Aim of the exercise
Copy out lines with the word "pmor" from the material that follows.

Recorded information section start

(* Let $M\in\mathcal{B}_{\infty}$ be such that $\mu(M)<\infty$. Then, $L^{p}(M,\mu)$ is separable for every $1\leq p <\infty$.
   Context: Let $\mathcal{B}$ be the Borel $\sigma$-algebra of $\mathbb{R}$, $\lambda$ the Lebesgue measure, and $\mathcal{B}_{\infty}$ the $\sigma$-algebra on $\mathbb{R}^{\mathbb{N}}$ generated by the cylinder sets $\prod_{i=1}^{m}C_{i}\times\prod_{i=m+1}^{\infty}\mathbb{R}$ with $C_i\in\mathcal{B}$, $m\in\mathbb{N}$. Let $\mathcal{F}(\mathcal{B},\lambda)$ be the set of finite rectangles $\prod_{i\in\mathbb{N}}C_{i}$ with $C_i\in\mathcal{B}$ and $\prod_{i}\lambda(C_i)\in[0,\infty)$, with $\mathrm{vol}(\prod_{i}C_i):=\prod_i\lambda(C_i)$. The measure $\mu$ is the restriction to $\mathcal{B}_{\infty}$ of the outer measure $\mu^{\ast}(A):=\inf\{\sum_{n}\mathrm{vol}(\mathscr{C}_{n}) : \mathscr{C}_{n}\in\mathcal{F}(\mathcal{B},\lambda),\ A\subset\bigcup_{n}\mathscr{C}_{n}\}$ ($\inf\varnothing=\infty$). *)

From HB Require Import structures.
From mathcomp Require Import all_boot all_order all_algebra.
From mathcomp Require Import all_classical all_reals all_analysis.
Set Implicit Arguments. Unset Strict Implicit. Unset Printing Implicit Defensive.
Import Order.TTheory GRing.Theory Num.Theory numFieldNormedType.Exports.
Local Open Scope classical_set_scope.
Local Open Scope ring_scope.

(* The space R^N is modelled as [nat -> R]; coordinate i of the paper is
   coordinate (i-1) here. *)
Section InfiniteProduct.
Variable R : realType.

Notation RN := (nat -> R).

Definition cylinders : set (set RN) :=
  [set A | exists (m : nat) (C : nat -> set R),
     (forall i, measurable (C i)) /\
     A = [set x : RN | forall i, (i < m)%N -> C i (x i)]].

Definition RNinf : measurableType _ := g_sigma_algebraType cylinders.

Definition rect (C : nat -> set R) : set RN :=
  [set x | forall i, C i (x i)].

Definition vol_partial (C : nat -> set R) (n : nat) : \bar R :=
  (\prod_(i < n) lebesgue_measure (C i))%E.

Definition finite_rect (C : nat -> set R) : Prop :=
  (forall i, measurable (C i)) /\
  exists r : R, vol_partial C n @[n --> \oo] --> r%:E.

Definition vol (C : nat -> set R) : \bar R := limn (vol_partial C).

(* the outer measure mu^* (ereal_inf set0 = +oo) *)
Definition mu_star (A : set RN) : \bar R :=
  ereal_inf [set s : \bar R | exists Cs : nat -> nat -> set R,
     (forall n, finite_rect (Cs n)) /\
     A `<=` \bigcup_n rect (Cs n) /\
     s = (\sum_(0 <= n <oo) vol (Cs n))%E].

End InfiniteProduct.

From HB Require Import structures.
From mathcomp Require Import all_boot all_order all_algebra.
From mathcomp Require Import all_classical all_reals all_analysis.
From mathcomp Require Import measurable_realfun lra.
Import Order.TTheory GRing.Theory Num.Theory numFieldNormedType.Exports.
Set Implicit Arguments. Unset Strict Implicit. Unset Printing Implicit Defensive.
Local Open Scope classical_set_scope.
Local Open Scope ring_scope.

Recorded information section end
Recorded information section start

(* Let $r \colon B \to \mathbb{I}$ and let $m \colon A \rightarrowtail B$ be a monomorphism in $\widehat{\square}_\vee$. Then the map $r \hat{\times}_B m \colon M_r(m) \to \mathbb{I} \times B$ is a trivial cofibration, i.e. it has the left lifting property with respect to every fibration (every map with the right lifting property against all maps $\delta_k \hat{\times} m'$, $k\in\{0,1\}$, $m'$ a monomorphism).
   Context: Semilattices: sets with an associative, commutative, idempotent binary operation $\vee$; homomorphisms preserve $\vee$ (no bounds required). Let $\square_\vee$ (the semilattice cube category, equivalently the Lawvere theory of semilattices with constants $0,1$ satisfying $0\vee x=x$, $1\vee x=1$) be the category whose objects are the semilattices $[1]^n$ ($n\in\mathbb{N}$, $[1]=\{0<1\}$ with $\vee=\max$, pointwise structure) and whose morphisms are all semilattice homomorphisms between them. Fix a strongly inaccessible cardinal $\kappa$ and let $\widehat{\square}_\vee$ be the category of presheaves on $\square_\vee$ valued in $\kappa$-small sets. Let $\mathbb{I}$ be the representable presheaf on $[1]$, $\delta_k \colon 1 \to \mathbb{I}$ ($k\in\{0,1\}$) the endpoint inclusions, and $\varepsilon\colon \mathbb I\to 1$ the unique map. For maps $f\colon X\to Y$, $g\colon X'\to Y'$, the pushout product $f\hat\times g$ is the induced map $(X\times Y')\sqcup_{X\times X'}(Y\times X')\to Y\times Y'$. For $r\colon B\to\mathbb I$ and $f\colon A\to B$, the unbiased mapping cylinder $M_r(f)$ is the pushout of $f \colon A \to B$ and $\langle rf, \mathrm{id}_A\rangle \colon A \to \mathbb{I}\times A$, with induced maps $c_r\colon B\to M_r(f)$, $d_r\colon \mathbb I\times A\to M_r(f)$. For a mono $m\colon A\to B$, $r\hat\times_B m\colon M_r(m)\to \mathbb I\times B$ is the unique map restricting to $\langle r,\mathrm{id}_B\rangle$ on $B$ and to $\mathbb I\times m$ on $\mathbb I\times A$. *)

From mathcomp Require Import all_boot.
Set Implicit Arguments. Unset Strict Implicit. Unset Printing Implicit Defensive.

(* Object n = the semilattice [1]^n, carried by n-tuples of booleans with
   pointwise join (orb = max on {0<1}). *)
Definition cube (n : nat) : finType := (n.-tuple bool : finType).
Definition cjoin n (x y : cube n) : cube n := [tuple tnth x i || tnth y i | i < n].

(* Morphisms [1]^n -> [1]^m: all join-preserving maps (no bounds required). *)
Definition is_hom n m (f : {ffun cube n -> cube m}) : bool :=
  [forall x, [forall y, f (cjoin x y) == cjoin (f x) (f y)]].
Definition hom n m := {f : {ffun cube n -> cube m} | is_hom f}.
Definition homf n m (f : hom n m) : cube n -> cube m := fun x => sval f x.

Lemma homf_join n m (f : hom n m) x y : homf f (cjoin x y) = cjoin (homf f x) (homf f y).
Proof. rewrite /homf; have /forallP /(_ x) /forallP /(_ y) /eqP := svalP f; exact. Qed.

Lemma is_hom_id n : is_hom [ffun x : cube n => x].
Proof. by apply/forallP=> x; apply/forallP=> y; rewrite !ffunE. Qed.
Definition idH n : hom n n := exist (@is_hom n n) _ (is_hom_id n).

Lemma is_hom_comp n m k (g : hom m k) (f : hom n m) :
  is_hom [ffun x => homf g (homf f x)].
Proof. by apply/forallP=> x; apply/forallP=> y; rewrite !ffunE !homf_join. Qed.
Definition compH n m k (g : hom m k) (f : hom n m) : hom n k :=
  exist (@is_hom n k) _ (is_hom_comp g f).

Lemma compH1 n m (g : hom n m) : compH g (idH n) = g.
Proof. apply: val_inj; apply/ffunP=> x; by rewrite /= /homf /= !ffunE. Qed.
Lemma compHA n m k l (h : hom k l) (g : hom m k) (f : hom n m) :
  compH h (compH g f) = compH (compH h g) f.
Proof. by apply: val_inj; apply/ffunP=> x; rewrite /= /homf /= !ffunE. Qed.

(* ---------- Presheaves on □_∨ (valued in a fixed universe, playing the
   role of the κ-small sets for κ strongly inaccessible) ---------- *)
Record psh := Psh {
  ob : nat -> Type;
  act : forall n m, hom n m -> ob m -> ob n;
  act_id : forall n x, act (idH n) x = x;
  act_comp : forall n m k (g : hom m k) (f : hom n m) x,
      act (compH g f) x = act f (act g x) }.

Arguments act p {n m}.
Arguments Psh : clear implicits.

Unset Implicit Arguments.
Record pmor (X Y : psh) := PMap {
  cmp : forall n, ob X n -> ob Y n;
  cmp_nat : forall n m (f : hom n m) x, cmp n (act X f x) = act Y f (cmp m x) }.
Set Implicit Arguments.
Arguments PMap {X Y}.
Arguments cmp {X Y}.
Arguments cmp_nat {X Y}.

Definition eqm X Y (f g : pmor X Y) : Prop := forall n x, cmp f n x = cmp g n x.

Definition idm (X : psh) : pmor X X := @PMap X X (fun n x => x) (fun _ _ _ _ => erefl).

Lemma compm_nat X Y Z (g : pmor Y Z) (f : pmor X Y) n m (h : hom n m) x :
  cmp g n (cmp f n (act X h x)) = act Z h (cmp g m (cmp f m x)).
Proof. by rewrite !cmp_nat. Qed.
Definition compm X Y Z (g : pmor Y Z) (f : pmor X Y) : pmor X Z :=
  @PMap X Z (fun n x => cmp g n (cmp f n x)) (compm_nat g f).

Recorded information section end

Expected answer
Record pmor (X Y : psh) := PMap {
Definition eqm X Y (f g : pmor X Y) : Prop := forall n x, cmp f n x = cmp g n x.
Definition idm (X : psh) : pmor X X := @PMap X X (fun n x => x) (fun _ _ _ _ => erefl).
Lemma compm_nat X Y Z (g : pmor Y Z) (f : pmor X Y) n m (h : hom n m) x :
Definition compm X Y Z (g : pmor Y Z) (f : pmor X Y) : pmor X Z :=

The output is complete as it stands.